Thanks for the advice, she hasn't dropped yet. I bet she'll drop within the next 2 days.


----------



## creaturesofhabit (Oct 16, 2014)

Dosnt matter you put in there she is going yo push it up the sides of the box..never bred woma but with all my bhp I use a Styrofoam box with sphagnum moss inside I've trialed damp newspaper but the moss seemed liked better. They will push it up the sides and lay eggs in the middle on the floor of the tub..never had any issues with the eggs sticking to the ground. In my opinion plastic tubs are not ideal lay boxes as the hole that you cut in the side creates and thin sharp edge that can damage belly scales as the female will be in and out of the box many times before she decides it's time to drop eggs


----------



## benjamind2010 (Oct 16, 2014)

Thanks for whoever suggested a styrofoam box. I've taken out the old plastic laying box, and replaced it with a styrofoam box that I had cut off the taller parts so that it fits flush with the top of the tub.

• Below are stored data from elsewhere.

(* Let $(X,Y,Z)$ and $(X',Y',Z')$ be triples of random variables on finite alphabets such that $(X,Y,Z)$ is independent of $(X',Y',Z')$. Then $$\operatorname{Un}((X,X')\to(Z,Z')\mid(Y,Y'))=\operatorname{Un}(X\to Z\mid Y)+\operatorname{Un}(X'\to Z'\mid Y'),$$ where $\operatorname{Un}$ is the unique information defined below.
   Context: For random variables $U,V,W$ on finite alphabets $\mathcal{U},\mathcal{V},\mathcal{W}$ and each $v\in\mathcal{V}$ with $\Pr(V=v)>0$, let $(A_v,B_v,C_v)$ be the random triple on $\mathcal{U}\times\mathcal{V}\times\mathcal{W}$ with $\Pr(A_v=u,B_v=v',C_v=w)=0$ if $\Pr(W=w)=0$ and $\Pr(A_v=u,B_v=v',C_v=w)=\Pr(U=u,V=v',W=w)\Pr(W=w\mid V=v)/\Pr(W=w)$ otherwise. The unique information is $\operatorname{Un}(U\to W\mid V)=\sum_{v:\Pr(V=v)>0}\Pr(V=v)\,I(A_v;C_v)$, where $I$ is mutual information. Pairs such as $(X,X')$ are regarded as single random variables on product alphabets. *)

From mathcomp Require Import all_boot all_order all_algebra.
From mathcomp Require Import reals exp.
Set Implicit Arguments. Unset Strict Implicit. Unset Printing Implicit Defensive.
Import Order.TTheory GRing.Theory Num.Theory.
Local Open Scope ring_scope.

Section Info.
Variable R : realType.

Definition is_pmf (Om : finType) (P : Om -> R) : Prop :=
  (forall o, 0 <= P o) /\ \sum_(o : Om) P o = 1.

Definition mutinf (TA TC : finType) (r : TA -> TC -> R) : R :=
  \sum_(a : TA) \sum_(c : TC)
     (if r a c == 0 then 0
      else r a c * ln (r a c / ((\sum_(c' : TC) r a c') * (\sum_(a' : TA) r a' c)))).

Variables (Om : finType) (P : Om -> R).
Variables (TU TV TW : finType) (U : Om -> TU) (V : Om -> TV) (W : Om -> TW).

Definition pUVW (u : TU) (v : TV) (w : TW) : R :=
  \sum_(o | (U o == u) && (V o == v) && (W o == w)) P o.
Definition pV (v : TV) : R := \sum_(o | V o == v) P o.
Definition pW (w : TW) : R := \sum_(o | W o == w) P o.
Definition pVW (v : TV) (w : TW) : R := \sum_(o | (V o == v) && (W o == w)) P o.

(* joint pmf of the triple (A_v, B_v, C_v) *)
Definition tri_pmf (v : TV) (u : TU) (v' : TV) (w : TW) : R :=
  if pW w == 0 then 0
  else pUVW u v' w * (pVW v w / pV v) / pW w.

Definition UnInfo : R :=
  \sum_(v : TV | 0 < pV v) pV v * mutinf (fun u w => \sum_(v' : TV) tri_pmf v u v' w).

End Info.

From mathcomp Require Import all_boot all_order all_algebra.
From mathcomp Require Import reals exp.
From mathcomp Require Import ring.
Set Implicit Arguments. Unset Strict Implicit. Unset Printing Implicit Defensive.
Import Order.TTheory GRing.Theory Num.Theory.
Local Open Scope ring_scope.

(* Independence makes every marginal of ((X,X'),(Y,Y'),(Z,Z')) the product of
   the corresponding marginals of (X,Y,Z) and (X',Y',Z'); hence the pmf of
   (A_(y,y'), C_(y,y')) is the product of those of (A_y, C_y) and
   (A'_y', C'_y').  Mutual information is additive on such product pmfs, since
   the logarithm of a product is a sum, and the weights Pr(Y=y, Y'=y') factor
   as well, so the sum defining Un splits into the two sums. *)

Section MutualInformation.
Variable R : realType.

Lemma ler_sumr_term (I : finType) (F : I -> R) i :
  (forall j, 0 <= F j) -> F i <= \sum_j F j.
Proof. by move=> F_ge0; rewrite (bigD1 i) //= lerDl sumr_ge0. Qed.

Lemma sumr_pairM (I J : finType) (F : I -> R) (G : J -> R) :
  \sum_(p : I * J) F p.1 * G p.2 = (\sum_i F i) * (\sum_j G j).
Proof. by rewrite big_distrlr pair_bigA. Qed.

Lemma sum_prod_pmfD (I J : finType) (A : pred I) (B : pred J)
    (p : I -> R) (q : J -> R) (f : I -> R) (g : J -> R) :
  \sum_(i | A i) p i = 1 -> \sum_(j | B j) q j = 1 ->
  \sum_(k | A k.1 && B k.2) p k.1 * q k.2 * (f k.1 + g k.2) =
  \sum_(i | A i) p i * f i + \sum_(j | B j) q j * g j.
Proof.
move=> p_sum1 q_sum1.
rewrite -(pair_big A B (fun i j => p i * q j * (f i + g j))) /=.
rewrite -[X in _ + X]mul1r -p_sum1 mulr_suml -big_split; apply: eq_bigr => i _ /=.
rewrite -[p i * f i]mulr1 -q_sum1 !mulr_sumr -big_split; apply: eq_bigr => j _ /=.
ring.
Qed.

Definition kl_term (p q : R) : R := if p == 0 then 0 else p * ln (p / q).

Lemma kl_termM (p1 p2 q1 q2 : R) :
  0 <= p1 -> 0 <= p2 -> (0 < p1 -> 0 < q1) -> (0 < p2 -> 0 < q2) ->
  kl_term (p1 * p2) (q1 * q2) = kl_term p1 q1 * p2 + p1 * kl_term p2 q2.
Proof.
rewrite /kl_term mulf_eq0 => p1_ge0 p2_ge0 q1_gt0 q2_gt0.
have [->|p1_neq0] := eqVneq p1 0; first by rewrite !mul0r addr0.
have [->|p2_neq0] := eqVneq p2 0; first by rewrite !mulr0 add0r.
have p1_gt0 : 0 < p1 by rewrite lt_def p1_neq0.
have p2_gt0 : 0 < p2 by rewrite lt_def p2_neq0.
have -> : p1 * p2 / (q1 * q2) = p1 / q1 * (p2 / q2) by rewrite invfM mulrACA.
by rewrite /= lnM ?posrE ?divr_gt0 ?q1_gt0 ?q2_gt0 //; ring.
Qed.

Lemma mutinfE (TA TC : finType) (r : TA -> TC -> R) :
  mutinf r = \sum_a \sum_c kl_term (r a c) ((\sum_c' r a c') * \sum_a' r a' c).
Proof. by []. Qed.

Lemma eq_mutinf (TA TC : finType) (r r' : TA -> TC -> R) :
  r =2 r' -> mutinf r = mutinf r'.
Proof.
move=> eq_r; rewrite !mutinfE; apply: eq_bigr => a _; apply: eq_bigr => c _.
by rewrite eq_r; congr (kl_term _ (_ * _)); apply: eq_bigr => *; rewrite eq_r.
Qed.

Lemma marginalsM_gt0 (TA TC : finType) (r : TA -> TC -> R) a c :
  (forall a c, 0 <= r a c) -> 0 < r a c ->
  0 < (\sum_c' r a c') * \sum_a' r a' c.
Proof.
move=> r_ge0 r_gt0; rewrite mulr_gt0 // (lt_le_trans r_gt0) //.
- exact: ler_sumr_term (r_ge0 a).
- exact: ler_sumr_term (r_ge0^~ c).
Qed.

Lemma mutinf_pairM (TA TC TA' TC' : finType)
    (r1 : TA -> TC -> R) (r2 : TA' -> TC' -> R) :
  (forall a c, 0 <= r1 a c) -> (forall a c, 0 <= r2 a c) ->
  mutinf (fun a c => r1 a.1 c.1 * r2 a.2 c.2) =
  mutinf r1 * (\sum_a \sum_c r2 a c) + (\sum_a \sum_c r1 a c) * mutinf r2.
Proof.
move=> r1_ge0 r2_ge0.
have sum2_pairM (f : TA -> TC -> R) (g : TA' -> TC' -> R) :
    \sum_(a : TA * TA') \sum_(c : TC * TC') f a.1 c.1 * g a.2 c.2 =
    (\sum_a \sum_c f a c) * (\sum_a \sum_c g a c).
  by rewrite -sumr_pairM; apply: eq_bigr => a _; rewrite -sumr_pairM.
rewrite !mutinfE -!sum2_pairM -big_split; apply: eq_bigr => a _.
rewrite -big_split; apply: eq_bigr => c _ /=.
rewrite sumr_pairM (sumr_pairM (r1^~ c.1) (r2^~ c.2)) mulrACA kl_termM //.
- exact: marginalsM_gt0.
- exact: marginalsM_gt0.
Qed.

End MutualInformation.

Section UniqueInformation.
Variables (R : realType) (Om : finType) (P : Om -> R).
Hypothesis P_ge0 : forall o, 0 <= P o.

Section Marginals.
Variables (TU TV TW : finType) (U : Om -> TU) (V : Om -> TV) (W : Om -> TW).

Definition pAC (v : TV) (u : TU) (w : TW) : R := \sum_v' tri_pmf P U V W v u v' w.

Lemma UnInfoE :
  UnInfo P U V W = \sum_(v | 0 < pV P V v) pV P V v * mutinf (pAC v).
Proof. by []. Qed.

Lemma pAC_ge0 v u w : 0 <= pAC v u w.
Proof.
apply: sumr_ge0 => v' _; rewrite /tri_pmf; case: eqP => // _.
by rewrite !(mulr_ge0, divr_ge0, invr_ge0) ?sumr_ge0.
Qed.

Lemma sum_pUVW_UV w : \sum_u \sum_v' pUVW P U V W u v' w = pW P W w.
Proof.
rewrite /pW (partition_big U xpredT) //; apply: eq_bigr => u _.
rewrite (partition_big V xpredT) //; apply: eq_bigr => v' _; apply: eq_bigl => o.
by rewrite andbC andbA.
Qed.

Lemma sum_pVW_V w : \sum_v pVW P V W v w = pW P W w.
Proof.
rewrite /pW (partition_big V xpredT) //; apply: eq_bigr => v _; apply: eq_bigl => o.
by rewrite andbC.
Qed.

Lemma sum_pVW_W v : \sum_w pVW P V W v w = pV P V v.
Proof.
by rewrite /pV (partition_big W xpredT) //; apply: eq_bigr => w _.
Qed.

Lemma sum_pAC v : 0 < pV P V v -> \sum_u \sum_w pAC v u w = 1.
Proof.
move=> pVv_gt0; rewrite exchange_big /=.
rewrite -(divff (lt0r_neq0 pVv_gt0)) -{1}sum_pVW_W mulr_suml; apply: eq_bigr => w _.
rewrite /pAC /tri_pmf; have [pWw_eq0|pWw_neq0] := eqVneq (pW P W w) 0.
  have pVW_eq0 : pVW P V W v w = 0.
    have /psumr_eq0P -> // : \sum_v' pVW P V W v' w = 0 by rewrite sum_pVW_V.
    by move=> v' _; apply: sumr_ge0.
  by rewrite pVW_eq0 mul0r big1 // => u _; rewrite big1.
under eq_bigr do rewrite -!mulr_suml.
by rewrite -!mulr_suml sum_pUVW_UV mulrAC divff ?mul1r.
Qed.

Lemma sum_pV_gt0 : \sum_o P o = 1 -> \sum_(v | 0 < pV P V v) pV P V v = 1.
Proof.
move=> P_sum1; rewrite -P_sum1 (partition_big V xpredT) //=.
rewrite [RHS](bigID (fun v => 0 < pV P V v)) /= [X in _ = _ + X]big1 ?addr0 //.
by move=> v; rewrite lt0r negb_and negbK sumr_ge0 ?orbF // => /eqP.
Qed.

End Marginals.

Lemma sum_fibers (T : finType) (f : Om -> T) (C : pred T) :
  \sum_(o | C (f o)) P o = \sum_(t | C t) \sum_(o | f o == t) P o.
Proof.
rewrite (partition_big f C) //; apply: eq_bigr => t Ct; apply: eq_bigl => o.
by case: eqP => [->|]; rewrite ?Ct ?andbF.
Qed.

Lemma indep_events (TS TS' : finType) (S : Om -> TS) (S' : Om -> TS') :
  (forall s s', \sum_(o | (S o == s) && (S' o == s')) P o =
                (\sum_(o | S o == s) P o) * (\sum_(o | S' o == s') P o)) ->
  forall (A : pred TS) (B : pred TS'),
  \sum_(o | A (S o) && B (S' o)) P o =
  (\sum_(o | A (S o)) P o) * (\sum_(o | B (S' o)) P o).
Proof.
move=> indep A B; rewrite !sum_fibers big_distrlr pair_big /=.
rewrite (sum_fibers (fun o => (S o, S' o)) (fun t => A t.1 && B t.2)).
apply: eq_bigr => -[s s'] _; rewrite -indep; apply: eq_bigl => o.
by rewrite xpair_eqE.
Qed.

Section Independence.
Variables (TX TY TZ TX' TY' TZ' : finType)
  (X : Om -> TX) (Y : Om -> TY) (Z : Om -> TZ)
  (X' : Om -> TX') (Y' : Om -> TY') (Z' : Om -> TZ').
Hypothesis indep : forall x y z x' y' z',
  \sum_(o | [&& X o == x, Y o == y, Z o == z, X' o == x', Y' o == y' & Z' o == z']) P o
  = (\sum_(o | [&& X o == x, Y o == y & Z o == z]) P o)
    * (\sum_(o | [&& X' o == x', Y' o == y' & Z' o == z']) P o).

Let XX o := (X o, X' o).
Let YY o := (Y o, Y' o).
Let ZZ o := (Z o, Z' o).

Lemma indep_triples (A : pred (TX * TY * TZ)) (B : pred (TX' * TY' * TZ')) :
  \sum_(o | A (X o, Y o, Z o) && B (X' o, Y' o, Z' o)) P o =
  (\sum_(o | A (X o, Y o, Z o)) P o) * (\sum_(o | B (X' o, Y' o, Z' o)) P o).
Proof.
apply: indep_events => -[[x y] z] [[x' y'] z'].
transitivity (\sum_(o | [&& X o == x, Y o == y, Z o == z, X' o == x', Y' o == y' & Z' o == z']) P o).
  by apply: eq_bigl => o; rewrite !xpair_eqE -!andbA.
by rewrite indep; congr (_ * _); apply: eq_bigl => o; rewrite !xpair_eqE -!andbA.
Qed.

Lemma pUVW_pair x x' y y' z z' :
  pUVW P XX YY ZZ (x, x') (y, y') (z, z') =
  pUVW P X Y Z x y z * pUVW P X' Y' Z' x' y' z'.
Proof.
rewrite /pUVW -(indep_triples (fun t => (t.1.1 == x) && (t.1.2 == y) && (t.2 == z))
                             (fun t => (t.1.1 == x') && (t.1.2 == y') && (t.2 == z'))).
by apply: eq_bigl => o; rewrite /= !xpair_eqE; do !case: eqP.
Qed.

Lemma pV_pair y y' : pV P YY (y, y') = pV P Y y * pV P Y' y'.
Proof.
rewrite /pV -(indep_triples (fun t => t.1.2 == y) (fun t => t.1.2 == y')).
by apply: eq_bigl => o; rewrite /= !xpair_eqE.
Qed.

Lemma pW_pair z z' : pW P ZZ (z, z') = pW P Z z * pW P Z' z'.
Proof.
rewrite /pW -(indep_triples (fun t => t.2 == z) (fun t => t.2 == z')).
by apply: eq_bigl => o; rewrite /= !xpair_eqE.
Qed.

Lemma pVW_pair y y' z z' :
  pVW P YY ZZ (y, y') (z, z') = pVW P Y Z y z * pVW P Y' Z' y' z'.
Proof.
rewrite /pVW -(indep_triples (fun t => (t.1.2 == y) && (t.2 == z))
                             (fun t => (t.1.2 == y') && (t.2 == z'))).
by apply: eq_bigl => o; rewrite /= !xpair_eqE; do !case: eqP.
Qed.

Lemma tri_pmf_pair y y' x x' y1 y1' z z' :
  tri_pmf P XX YY ZZ (y, y') (x, x') (y1, y1') (z, z') =
  tri_pmf P X Y Z y x y1 z * tri_pmf P X' Y' Z' y' x' y1' z'.
Proof.
rewrite /tri_pmf pUVW_pair pV_pair pW_pair pVW_pair mulf_eq0.
have [->|pWz_neq0] := eqVneq (pW P Z z) 0; first by rewrite /= mul0r.
have [->|pWz'_neq0] := eqVneq (pW P Z' z') 0; first by rewrite orbT mulr0.
by rewrite /= !invfM; ring.
Qed.

Lemma pAC_pair y y' x x' z z' :
  pAC XX YY ZZ (y, y') (x, x') (z, z') =
  pAC X Y Z y x z * pAC X' Y' Z' y' x' z'.
Proof.
rewrite /pAC -sumr_pairM; apply: eq_bigr => -[y1 y1'] _; exact: tri_pmf_pair.
Qed.

Lemma mutinf_pAC_pair y y' :
  0 < pV P Y y -> 0 < pV P Y' y' ->
  mutinf (pAC XX YY ZZ (y, y')) = mutinf (pAC X Y Z y) + mutinf (pAC X' Y' Z' y').
Proof.
move=> pVy_gt0 pVy'_gt0.
rewrite (eq_mutinf (r' := fun a c => pAC X Y Z y a.1 c.1 * pAC X' Y' Z' y' a.2 c.2)).
  by rewrite mutinf_pairM ?sum_pAC ?mulr1 ?mul1r //; exact: pAC_ge0.
by move=> [x x'] [z z']; exact: pAC_pair.
Qed.

Lemma UnInfo_pair : \sum_o P o = 1 ->
  UnInfo P XX YY ZZ = UnInfo P X Y Z + UnInfo P X' Y' Z'.
Proof.
move=> P_sum1; rewrite !UnInfoE -sum_prod_pmfD ?sum_pV_gt0 //.
apply: eq_big => -[y y'] /=; first by rewrite pV_pair mulr_ge0_gt0 ?sumr_ge0.
by rewrite pV_pair mulr_ge0_gt0 ?sumr_ge0 // => /andP[? ?]; rewrite mutinf_pAC_pair.
Qed.

End Independence.
End UniqueInformation.

Theorem lemma8 (R : realType) (Om : finType) (P : Om -> R)
  (TX TY TZ TX' TY' TZ' : finType)
  (X : Om -> TX) (Y : Om -> TY) (Z : Om -> TZ)
  (X' : Om -> TX') (Y' : Om -> TY') (Z' : Om -> TZ') :
  is_pmf P ->
  (forall x y z x' y' z',
     \sum_(o | [&& X o == x, Y o == y, Z o == z, X' o == x', Y' o == y' & Z' o == z']) P o
     = (\sum_(o | [&& X o == x, Y o == y & Z o == z]) P o)
       * (\sum_(o | [&& X' o == x', Y' o == y' & Z' o == z']) P o)) ->
  UnInfo P (fun o => (X o, X' o)) (fun o => (Y o, Y' o)) (fun o => (Z o, Z' o))
  = UnInfo P X Y Z + UnInfo P X' Y' Z'.
Proof. by move=> [P_ge0 P_sum1] indep; exact: (UnInfo_pair P_ge0 indep P_sum1). Qed.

It worked a treat. She's now cuddled up in that box. Before I used the box I washed it, then sprayed it with a dilute F10 mix so to avoid any mould, etc that may have come from any fruits that were being held in the box prior to my picking it up from the fruit store.

Everything looks set now, so it should be any day that she drops her clutch, I thought she was going to drop during the week, but it could be as far as into the weekend...fingers crossed. What I can say for sure is that a clutch is imminent. Hope they will be good eggs.


----------



## creaturesofhabit (Oct 16, 2014)

I should proof read my posts before I submit them..my last post was missing a few words.
The only problem with getting a box from a fruit shop is the risk of pesticides. ..aquariums are better for scoring free boxes from


----------



## Beans (Oct 17, 2014)

creaturesofhabit said:


> Dosnt matter you put in there she is going yo push it up the sides of the box..never bred woma but with all my bhp I use a Styrofoam box with sphagnum moss inside I've trialed damp newspaper but the moss seemed liked better. They will push it up the sides and lay eggs in the middle on the floor of the tub..never had any issues with the eggs sticking to the ground. In my opinion plastic tubs are not ideal lay boxes as the hole that you cut in the side creates and thin sharp edge that can damage belly scales as the female will be in and out of the box many times before she decides it's time to drop eggs




Theres an easy fix for that. Get a lighter a run the flame over the sharp edges. It rounds them off. Then just wash the box and it's good to go. Styrofoam boxes would work too though.

- - - Updated - - -



benjamind2010 said:


> Thanks for whoever suggested a styrofoam box. I've taken out the old plastic laying box, and replaced it with a styrofoam box that I had cut off the taller parts so that it fits flush with the top of the tub.
> 
> It worked a treat. She's now cuddled up in that box. Before I used the box I washed it, then sprayed it with a dilute F10 mix so to avoid any mould, etc that may have come from any fruits that were being held in the box prior to my picking it up from the fruit store.
> 
> Everything looks set now, so it should be any day that she drops her clutch, I thought she was going to drop during the week, but it could be as far as into the weekend...fingers crossed. What I can say for sure is that a clutch is imminent. Hope they will be good eggs.




Good luck


----------



## benjamind2010 (Oct 17, 2014)

Good news. She dropped a clutch and it was a decent one for her very first breeding. I won't go into any further details, but here is the booty:

7 eggs


----------



## princessparrot (Oct 17, 2014)

I really want to try breeding my girl but mum isn't to keen...


----------



## benjamind2010 (Oct 17, 2014)

Convince your mum that breeding snakes will allow you to get some pocket money. Tell her it's not so bad, that all involved is incubating some eggs and selling the hatchlings. You could offer her a cut of any money you make from selling the hatchlings. It should be easy to do


----------



## Beans (Oct 17, 2014)

I think she would be more worried about a maybe not being able to sell them. 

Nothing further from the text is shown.